I’ve been on Inderal since 1981, I’ve been taking 40 mg 4x a day. The doctor has just increased my doseage to 160 mg a day, it hasn’t helped at all.

My heart does things I don’t understand and it can be worrisome like today. It was late in the afternoon, I was reading and was falling asleep when I felt my heart beating very fast but very lightly in my chest. I realized my whole body was shaking, just a few minutes later my heart suddenly changed again and started beating very slow and this time I could feel my heart beat in my neck and ears.
My doctor wants me to come back in three months to see how I’m doing on the increase in Inderal, that seems so far away. My heart will beat normal for several months without any problem then it will start all over again with what feels to me really severe Arrhythmia.
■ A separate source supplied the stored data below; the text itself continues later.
(* The first cover on the way from [D] to the next element of [C] is comparable
   with all of [C], so saturation puts it in [C]. *)
Lemma saturated_chain_step C D M : saturated_chain P C -> D \in C -> M \in C ->
  crossings D < crossings M -> exists2 E, E \in C & crossings E = crossings D + 2.
Proof.
move=> satC DC MC ltDM; have chC := satC.1.
have [E] : exists2 E, E \in [seq E <- C | crossings D < crossings E] &
    forall G, G \in [seq E <- C | crossings D < crossings E] -> crossings E <= crossings G.
  apply: seq_extremum => [x y|x y z|]; [exact: leq_total | exact: leq_trans |].
  by apply/eqP => /(congr1 (fun s => M \in s)); rewrite mem_filter ltDM MC.
rewrite mem_filter => /andP [ltDE EC] minE.
have nDE : D <> E by move=> eDE; rewrite eDE ltnn in ltDE.
have [G [_ PG sDG eG] cGE] := covers_first_step (chain_covers_le chC DC EC (ltnW ltDE)) nDE.
exists G => //; apply: (saturated_chain_extend satC PG) => H HC.
have [leHD | ltDH] := leqP (crossings H) (crossings D).
- left; apply: (rt_trans _ _ _ _ _ (covers_arc_le (chain_covers_le chC HC DC leHD))).
  by apply/rt_step/swap_move_arc_move.
- right; apply: (rt_trans _ _ _ _ _ (covers_arc_le cGE)).
  by apply/covers_arc_le/(chain_covers_le chC EC HC)/minE; rewrite mem_filter ltDH.
Qed.
(* In a perfect T1 space every nonempty open subset of X^d meets X^(d), so
   transitivity on X^d and on X^(d) are equivalent (the preimage of an open set
   under a diagonal homeomorphism being open).  If X has an isolated point x,
   1-transitivity moves x into every nonempty open set, so the isolated points
   are dense; then X^(d) is approximated by tuples of isolated points, which
   are open singletons of X^d, and d-transitivity between two such singletons
   is exactly d-fold transitivity.  Hausdorffness keeps the approximating
   tuples injective. *)

Section box_neighbourhoods.
Variables (I : finType) (X : topologicalType).
Local Notation XI := {ptws I -> X}.

Definition box (B : I -> set X) : set XI := [set v | forall i, B i (v i)].

Definition box_nbhs (f : XI) : set_system XI :=
  [set U | exists2 B, (forall i, nbhs (f i) (B i)) & box B `<=` U].

Lemma box_nbhs_filter f : Filter (box_nbhs f).
Proof.
split.
- by exists (fun=> setT) => // i; exact: filterT.
- move=> P Q [B nB BP] [C nC CQ]; exists (fun i => B i `&` C i).
    by move=> i; exact: filterI.
  by move=> v BCv; split; [apply: BP => i|apply: CQ => i]; case: (BCv i).
- by move=> P Q PQ [B nB BP]; exists B => // v /BP /PQ.
Qed.

Lemma nbhs_proj (f : XI) i (A : set X) :
  nbhs (f i) A -> nbhs f [set v : XI | A (v i)].
Proof. exact: (@proj_continuous I (fun=> X) i f A). Qed.

Lemma nbhs_box (f : XI) (B : I -> set X) :
  (forall i, nbhs (f i) (B i)) -> nbhs f (box B).
Proof.
move=> nB.
exact: (@filter_forall _ _ (fun i (v : XI) => B i (v i)) (nbhs f) _
  (fun i => nbhs_proj (nB i))).
Qed.

Lemma nbhs_boxP (f : XI) (U : set XI) :
  nbhs f U <-> exists2 B, (forall i, nbhs (f i) (B i)) & box B `<=` U.
Proof.
split; last by move=> [B /nbhs_box nB BU]; exact: filterS nB.
move=> fU; have bF := box_nbhs_filter f.
suff /(_ U fU) : box_nbhs f --> f by [].
(* [nbhs f] is the supremum of the initial topologies of the projections. *)
apply/cvg_sup => i A /=.
rewrite (@nbhsE (initial_topology (fun g : forall _ : I, X => g i))).
move=> -[_ [[C oC <-] Cfi] CA]; exists (fun j => if j == i then C else setT).
  by move=> j; case: eqP => [->|_]; [exact: open_nbhs_nbhs|exact: filterT].
by move=> v /(_ i); rewrite eqxx => /CA.
Qed.

Lemma open_set1_ptws (f : XI) :
  (forall i, nbhs (f i) [set f i]) -> open [set f].
Proof.
move=> nf; rewrite openE => _ ->; apply: filterS (nbhs_box nf) => v vf.
exact: funext.
Qed.

Lemma open_comp_preimage (h : X -> X) (U : set XI) :
  continuous h -> open U -> open ((fun v : XI => h \o v) @^-1` U).
Proof.
move=> ch oU; rewrite openE => f /= Uhf.
have [B nB BU] := (nbhs_boxP _ _).1 (open_nbhs_nbhs (conj oU Uhf)).
apply: filterS (nbhs_box (B := fun i => h @^-1` B i) _).
  by move=> v hBv; apply: BU.
by move=> i; exact: ch (nB i).
Qed.

End box_neighbourhoods.

Lemma exists_injective_tuple (T : eqType) (d : nat) (B : 'I_d -> set T) :
  (forall i (s : seq T), exists2 x, B i x & x \notin s) ->
  exists2 a : 'I_d -> T, injective a & forall i, B i (a i).
Proof.
elim: d B => [|d IH] B hB.
  by exists (fun i : 'I_0 => False_rect _ (notF (ltn_ord i))) => -[].
have [a' ia' Ba'] := IH (fun j => B (lift ord_max j)) (fun j => hB _).
have [x Bx xa'] := hB ord_max (codom a').
pose a i := if unlift ord_max i is Some j then a' j else x.
have a'_neq_x j : a' j != x by apply: contraNneq xa' => <-; exact: codom_f.
exists a => [i k|i]; rewrite /a.
  case: (unliftP ord_max i) => [j ->|->];
    case: (unliftP ord_max k) => [l ->|->] //.
  - by move=> /ia' ->.
  - by move/eqP; rewrite (negPf (a'_neq_x j)).
  - by move/eqP; rewrite eq_sym (negPf (a'_neq_x l)).
by case: (unliftP ord_max i) => [j ->|->].
Qed.

Section isolated_points.
Variable X : topologicalType.

Lemma isolatedT_nbhs1 (x : X) : isolated [set: X] x <-> nbhs x [set x].
Proof.
split; first by move=> [_ [V nV]]; rewrite setIT => <-.
by move=> nx; split; [rewrite in_setT|exists [set x]; rewrite ?setIT].
Qed.

Lemma dense_finite_setT (A : set X) :
  accessible_space X -> dense A -> finite_set A -> A = [set: X].
Proof.
move=> aX dA fA; apply/seteqP; split => // x _; apply: contrapT => Ax.
have oAC := closed_openC (accessible_finite_set_closed.1 aX A fA).
by have [y [nAy Ay]] := dA (~` A) (ex_intro _ x Ax) oAC; apply: nAy.
Qed.

Lemma perfect_nbhs_avoid (z : X) (W : set X) (s : seq X) :
  accessible_space X -> isolated [set: X] = set0 -> nbhs z W ->
  exists2 x, W x & x \notin s.
Proof.
move=> aX iso nW; pose W' := W `\` ([set` s] `\ z).
have nW' : nbhs z W'.
  have sz_closed : closed ([set` s] `\ z).
    apply: (accessible_finite_set_closed.1 aX).
    by apply: (sub_finite_set _ (finite_seq s)) => x [].
  apply: filterI nW (open_nbhs_nbhs _); split; last by move=> [_ []].
  exact: closed_openC.
have [x [W'x xz]] : exists x, W' x /\ x != z.
  apply: contrapT => /forallNP noW'.
  suff : isolated [set: X] z by rewrite iso.
  apply/isolatedT_nbhs1; apply: filterS nW' => x W'x.
  by apply: contrapT => /eqP xz; apply: (noW' x).
case: W'x => Wx sx; exists x => //.
by apply/negP => xs; apply: sx; split => //; exact/eqP.
Qed.

Lemma perfect_distinct_tuples (d : nat) (U : set {ptws 'I_d -> X}) :
  accessible_space X -> isolated [set: X] = set0 ->
  open U -> U !=set0 -> (U `&` @distinct_tuples X d) !=set0.
Proof.
move=> aX iso oU [u Uu].
have [B nB BU] := (nbhs_boxP _ _).1 (open_nbhs_nbhs (conj oU Uu)).
have [v iv Bv] :=
  exists_injective_tuple (fun i s => perfect_nbhs_avoid s aX iso (nB i)).
by exists v; split => //; exact: BU.
Qed.

Lemma hausdorff_trivIset_nbhs (I : finType) (u : I -> X) :
  hausdorff_space X -> injective u ->
  exists2 W : I -> set X, (forall i, nbhs (u i) (W i)) & trivIset setT W.
Proof.
rewrite open_hausdorff => hX iu.
have sep (p : I * I) : exists AB : set X * set X, p.1 != p.2 ->
    [/\ nbhs (u p.1) AB.1, nbhs (u p.2) AB.2 & AB.1 `&` AB.2 = set0].
  have [_|ij] := eqVneq p.1 p.2; first by exists (setT, setT).
  have uij : u p.1 != u p.2 by apply: contra ij => /eqP /iu ->.
  have [[A B] [/= /set_mem uA /set_mem uB] [oA oB /eqP AB0]] := hX _ _ uij.
  by exists (A, B) => _; split => //; apply: open_nbhs_nbhs.
have [AB hAB] := choice sep.
exists (fun i =>
    [set x | forall j, j != i -> (AB (i, j)).1 x /\ (AB (j, i)).2 x]).
  move=> i; apply: (@filter_forall _ _
    (fun j x => j != i -> (AB (i, j)).1 x /\ (AB (j, i)).2 x)
    (nbhs (u i)) _) => j.
  have [->|ji] := eqVneq j i; first exact: nearW.
  have [n1 _ _] := hAB (i, j) ltac:(by rewrite /= eq_sym).
  have [_ n2 _] := hAB (j, i) ji.
  by apply: filterS (filterI n1 n2) => x [].
move=> i j _ _ [x [Wi Wj]]; apply/eqP; apply: contraT => ij.
have [_ _ AB0] := hAB (i, j) ij.
have [ABi _] := Wi j ltac:(by rewrite eq_sym).
have [_ ABj] := Wj i ij.
by have : ((AB (i, j)).1 `&` (AB (i, j)).2) x by []; rewrite AB0.
Qed.

Lemma dense_isolated_distinct_tuples (d : nat) (U : set {ptws 'I_d -> X}) :
  hausdorff_space X -> dense (isolated [set: X]) -> open U ->
  (U `&` @distinct_tuples X d) !=set0 ->
  exists2 v, (U `&` @distinct_tuples X d) v & forall i, isolated [set: X] (v i).
Proof.
move=> hX dI oU [u [Uu iu]].
have [B nB BU] := (nbhs_boxP _ _).1 (open_nbhs_nbhs (conj oU Uu)).
have [W nW trW] := hausdorff_trivIset_nbhs hX iu.
have pick i : exists x, interior (B i `&` W i) x /\ isolated [set: X] x.
  have BWi : interior (B i `&` W i) !=set0 by exists (u i); exact: filterI.
  by have [x []] := dI _ BWi (@open_interior _ _); exists x.
have [v hv] := choice pick.
have BWv i : (B i `&` W i) (v i) by apply: interior_subset; case: (hv i).
exists v => [|i]; last by case: (hv i).
split; first by apply: BU => i; case: (BWv i).
move=> i j vij; apply: trW => //; exists (v i); split; first by case: (BWv i).
by rewrite vij; case: (BWv j).
Qed.

End isolated_points.

Section topologically_transitive_actions.
Variables (G : Type) (X : topologicalType) (alpha : G -> X -> X).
Like when I start feeling dizzy and lighted headed as I do now. Those symptoms started I think about about a year ago.

My question is what do you suggest I try regarding my situation, I’m really at a loss and could use any suggestions or opinion you might have.

A. There are some general things that a person with arrhythmia can do to improve how they feel. The first is to avoid any excess stimulants, such as caffeine, alcohol or tobacco. Chocolate may also be a stimulant for some. Regular and adequate sleep is also important. Perhaps the most important treatment is to exercise as much as possible within your doctors guidelines.

In general, in a person with a normal heart, the arrhythmias (irregular heart beats) you mention are not dangerous. I think you need to be sure your heart exam is normal and then ask for an exercise prescription.